Lula revela o que conversou com Leonardo DiCaprio durante encontro com ator

Lula revela o que conversou com Leonardo DiCaprio durante encontro com ator
- Foto: Ricardo Stuckert

Em 2019, Jair Bolsonaro apontou o dedo para Leonardo DiCaprio e, sem apresentar uma única prova, acusou o ator de financiar incêndios criminosos na Amazônia. Sete anos depois, o ativista ambiental entrou pela porta da frente do Palácio do Planalto para conversar com o presidente Luiz Inácio Lula da Silva sobre proteção das florestas, povos indígenas e enfrentamento à crise climática.

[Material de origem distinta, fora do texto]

(* tilde P_suc,O(Omega): channels A -> B A', dim B = k, A' ~ A (dim d);
   the output space B (x) A' is 'M_(k * d) with the Kronecker product *t *)
Definition Psuc_tilde {d k}
    (O : ('M[C]_d -> 'M[C]_(k * d)) -> Prop)
    (p : 'I_k -> R) (rho : 'I_k -> 'M[C]_d) : R :=
  sup [set x : R | exists N : 'M[C]_d -> 'M[C]_(k * d), O N /\
         x = complex.Re (\sum_j real_complex R (p j) *
               \tr (N (rho j) *m (delta_mx j j *t (1%:M : 'M[C]_d))))].

End QDefs.

(* A channel N with Δ ∘ N = Δ ∘ N ∘ Δ (non-activating) only sees the populations
   of its input, so against the block projectors P_j = |j><j| ⊗ I it acts as the
   incoherent POVM E_j = Δ(N^†(P_j)): tr(N(ρ) P_j) = tr(E_j ρ).  DIO are
   non-activating by definition, and so are SIO: a Kraus operator K whose adjoint
   maps incoherent states to incoherent ones has at most one nonzero entry per row,
   and then Δ(K X K^†) = Δ(K Δ(X) K^†).  Conversely an incoherent POVM {E_j} is
   realised by the Kraus operators |j> ⊗ √E_j, which have at most one nonzero entry
   in each row and column, hence define a channel that is both SIO and DIO.  So the
   three optimisations range over the same set of values. *)

From mathcomp Require Import all_boot all_order all_algebra.
From mathcomp Require Import complex mxtens.
From mathcomp Require Import classical_sets reals.
Set Implicit Arguments. Unset Strict Implicit. Unset Printing Implicit Defensive.
Import Order.TTheory GRing.Theory Num.Theory.
Local Open Scope ring_scope.

Section IncoherentDiscrimination.
Variable R : realType.
Local Notation C := R[i].

Lemma mulmx3E m n p q (A : 'M[C]_(m, n)) (X : 'M[C]_(n, p)) (B : 'M[C]_(p, q)) i l :
  (A *m X *m B) i l = \sum_j \sum_k A i j * X j k * B k l.
Proof.
rewrite mxE exchange_big; apply: eq_bigr => k _.
by rewrite mxE big_distrl.
Qed.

O encontro desta quarta-feira (2), que também contou com a participação da primeira-dama Janja, durou cerca de 40 minutos e produziu uma imagem simbólica da mudança de orientação do governo brasileiro na agenda ambiental.
Se durante a gestão Bolsonaro, ambientalistas e organizações não governamentais foram frequentemente colocados sob suspeita pelo próprio presidente, o atual governo tenta reconstruir a imagem internacional do Brasil como protagonista das discussões sobre preservação ambiental e mudanças climáticas.

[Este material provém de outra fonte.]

(* Let $N\ge1$ and for $1\le i\le N$ let $S_i:\mathcal H\to\mathcal H$ be a $\kappa_i$-strict pseudocontraction with $0\le\kappa_i<1$; set $\kappa=\max_i\kappa_i$ and assume $F=\bigcap_{i=1}^N\mathrm{Fix}(S_i)\neq\emptyset$. For each $n$ let $\lambda_{n,1},\dots,\lambda_{n,N}>0$ with $\sum_i\lambda_{n,i}=1$ and $\inf_n\lambda_{n,i}>0$ for each $i$, and set $Q_n=\sum_{i=1}^N\lambda_{n,i}S_i$. Let $\alpha_n\in(\kappa,1)$ and $T_nx=\frac{x+R_nx}{2}+\frac12\big(\frac{\kappa-\alpha_n}{1-\alpha_n}\big)(x-R_nx)$ with $R_nx=\alpha_nx+(1-\alpha_n)Q_nx$. Then $(T_n)_{n\ge0}$ is coherent: for every bounded sequence $(z_n)$ with $\sum_n\|z_{n+1}-z_n\|^2<\infty$ and $\sum_n\|z_n-T_nz_n\|^2<\infty$, every weak cluster point of $(z_n)$ lies in $\bigcap_n\mathrm{Fix}(T_n)=F$.
   Context: A map $Q:\mathcal H\to\mathcal H$ is a $\kappa$-strict pseudocontraction ($0\le\kappa<1$) if $\|Qx-Qy\|^2\le\|x-y\|^2+\kappa\|(I-Q)x-(I-Q)y\|^2$ for all $x,y$. $\mathrm{Fix}(T)=\{x:Tx=x\}$. $\mathcal H$ is a real Hilbert space. *)

From Stdlib Require Import Reals Lra Lia List.
Open Scope R_scope.

Record Hilbert := {
  hcar :> Type;
  hzero : hcar;
  hadd : hcar -> hcar -> hcar;
  hopp : hcar -> hcar;
  hscal : R -> hcar -> hcar;
  hinner : hcar -> hcar -> R;
  hadd_assoc : forall x y z, hadd x (hadd y z) = hadd (hadd x y) z;
  hadd_comm : forall x y, hadd x y = hadd y x;
  hadd_0l : forall x, hadd hzero x = x;
  hadd_oppl : forall x, hadd (hopp x) x = hzero;
  hscal_assoc : forall a b x, hscal a (hscal b x) = hscal (a * b) x;
  hscal_1 : forall x, hscal 1 x = x;
  hscal_addr : forall a x y, hscal a (hadd x y) = hadd (hscal a x) (hscal a y);
  hscal_addl : forall a b x, hscal (a + b) x = hadd (hscal a x) (hscal b x);
  hinner_sym : forall x y, hinner x y = hinner y x;
  hinner_addl : forall x y z, hinner (hadd x y) z = hinner x z + hinner y z;
  hinner_scall : forall a x y, hinner (hscal a x) y = a * hinner x y;
  hinner_pos : forall x, 0 <= hinner x x;
  hinner_def : forall x, hinner x x = 0 -> x = hzero;
  hcomplete : forall u : nat -> hcar,
    (forall eps, eps > 0 -> exists N, forall m n, (m >= N)%nat -> (n >= N)%nat ->
        sqrt (hinner (hadd (u m) (hopp (u n))) (hadd (u m) (hopp (u n)))) < eps) ->
    exists l, forall eps, eps > 0 -> exists N, forall n, (n >= N)%nat ->
        sqrt (hinner (hadd (u n) (hopp l)) (hadd (u n) (hopp l))) < eps
}.

Arguments hzero {h}.
Arguments hadd {h}.
Arguments hopp {h}.
Arguments hscal {h}.
Arguments hinner {h}.

Section Ops.
Context {H : Hilbert}.
Definition hsub (x y : H) : H := hadd x (hopp y).
Definition hnorm (x : H) : R := sqrt (hinner x x).

Definition strict_pseudo (k : R) (Q : H -> H) : Prop :=
  forall x y : H,
    (hnorm (hsub (Q x) (Q y)))^2 <=
    (hnorm (hsub x y))^2 + k * (hnorm (hsub (hsub x (Q x)) (hsub y (Q y))))^2.

Fixpoint vsum (f : nat -> H) (N : nat) : H :=
  match N with O => hzero | S m => hadd (vsum f m) (f m) end.

Definition weak_cluster (z : nat -> H) (x : H) : Prop :=
  exists phi : nat -> nat, (forall k, (phi k < phi (S k))%nat) /\
    forall y : H, Un_cv (fun k => hinner (z (phi k)) y) (hinner x y).

Definition bounded_seq (z : nat -> H) : Prop :=
  exists M, forall n, hnorm (z n) <= M.

Definition Qop (N : nat) (lam : nat -> nat -> R) (S : nat -> H -> H)
  (n : nat) (x : H) : H := vsum (fun i => hscal (lam n i) (S i x)) N.

Definition Rop (N : nat) (lam : nat -> nat -> R) (S : nat -> H -> H)
  (alpha : nat -> R) (n : nat) (x : H) : H :=
  hadd (hscal (alpha n) x) (hscal (1 - alpha n) (Qop N lam S n x)).

Definition Top (N : nat) (lam : nat -> nat -> R) (S : nat -> H -> H)
  (alpha : nat -> R) (kappa : R) (n : nat) (x : H) : H :=
  let r := Rop N lam S alpha n x in
  hadd (hscal (1/2) (hadd x r))
       (hscal (1/2 * ((kappa - alpha n) / (1 - alpha n))) (hsub x r)).
End Ops.

Fixpoint rsum (f : nat -> R) (N : nat) : R :=
  match N with O => 0 | S m => rsum f m + f m end.

(* max_{i < N} kap i  (for N >= 1 and kap i >= 0 this is the maximum) *)
Definition kmax (kap : nat -> R) (N : nat) : R :=
  fold_right Rmax 0 (map kap (seq 0 N)).

Definition summable (a : nat -> R) : Prop :=
  exists l, Un_cv (fun n => sum_f_R0 a n) l.

From Stdlib Require Import Reals Lra Lia List.
Open Scope R_scope.

(* Unfolding the definitions, T_n z = z + c (Q_n z - z) with c = (1-kappa)/2,
   whatever alpha_n is; so z - T_n z = c (z - Q_n z) and Fix T_n = Fix Q_n.
   For a common fixed point p of the S_i, the strict-pseudocontraction
   inequality gives  (1-k_i) |z - S_i z|^2 <= 2 <z - S_i z, z - p>; averaging
   with the weights lambda_{n,j} bounds  lambda_{n,i} (1-k_i) |z - S_i z|^2
   by  2 <z - Q_n z, z - p>  (key_residual_ineq).  This yields Fix Q_n = F.
   For a bounded z_n with summable |z_n - T_n z_n|^2 the Q_n-residuals tend to
   0, hence (weights bounded below) so do the S_i-residuals; the
   demiclosedness principle for strict pseudocontractions then puts every
   weak cluster point in F. *)

Section InnerProduct.
Context {H : Hilbert}.

Lemma hadd_0r (x : H) : hadd x hzero = x.
Proof. rewrite hadd_comm; apply hadd_0l. Qed.

Lemma ip_0l (y : H) : hinner hzero y = 0.
Proof. assert (E := hinner_addl H hzero hzero y). rewrite hadd_0l in E. lra. Qed.

Lemma ip_oppl (x y : H) : hinner (hopp x) y = - hinner x y.
Proof. assert (E := hinner_addl H (hopp x) x y). rewrite hadd_oppl, ip_0l in E. lra. Qed.

Lemma ip_subl (x z y : H) : hinner (hsub x z) y = hinner x y - hinner z y.
Proof. unfold hsub. rewrite hinner_addl, ip_oppl. ring. Qed.

Lemma ip_addr (x y z : H) : hinner z (hadd x y) = hinner z x + hinner z y.
Proof. rewrite !(hinner_sym _ z), hinner_addl. reflexivity. Qed.

Lemma ip_scalr a (x y : H) : hinner y (hscal a x) = a * hinner y x.
Proof. rewrite !(hinner_sym _ y), hinner_scall. reflexivity. Qed.

Lemma ip_oppr (x y : H) : hinner y (hopp x) = - hinner y x.
Proof. rewrite !(hinner_sym _ y), ip_oppl. reflexivity. Qed.

Lemma ip_subr (x z y : H) : hinner y (hsub x z) = hinner y x - hinner y z.
Proof. rewrite !(hinner_sym _ y), ip_subl. reflexivity. Qed.

Lemma sub_norm0_eq (u v : H) : hinner (hsub u v) (hsub u v) = 0 -> u = v.
Proof.
  intro E. apply hinner_def in E. unfold hsub in E.
  transitivity (hadd (hadd u (hopp v)) v).
  - rewrite <- hadd_assoc, hadd_oppl, hadd_0r; reflexivity.
  - rewrite E, hadd_0l; reflexivity.
Qed.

Durante a conversa, Lula apresentou a DiCaprio algumas das medidas adotadas pelo governo para reduzir o desmatamento, combater o garimpo ilegal e proteger os territórios indígenas.
A conversa ocorre em um momento no qual o governo Lula tenta consolidar a retomada da política ambiental brasileira e recuperar espaços internacionais perdidos durante os quatro anos de Bolsonaro.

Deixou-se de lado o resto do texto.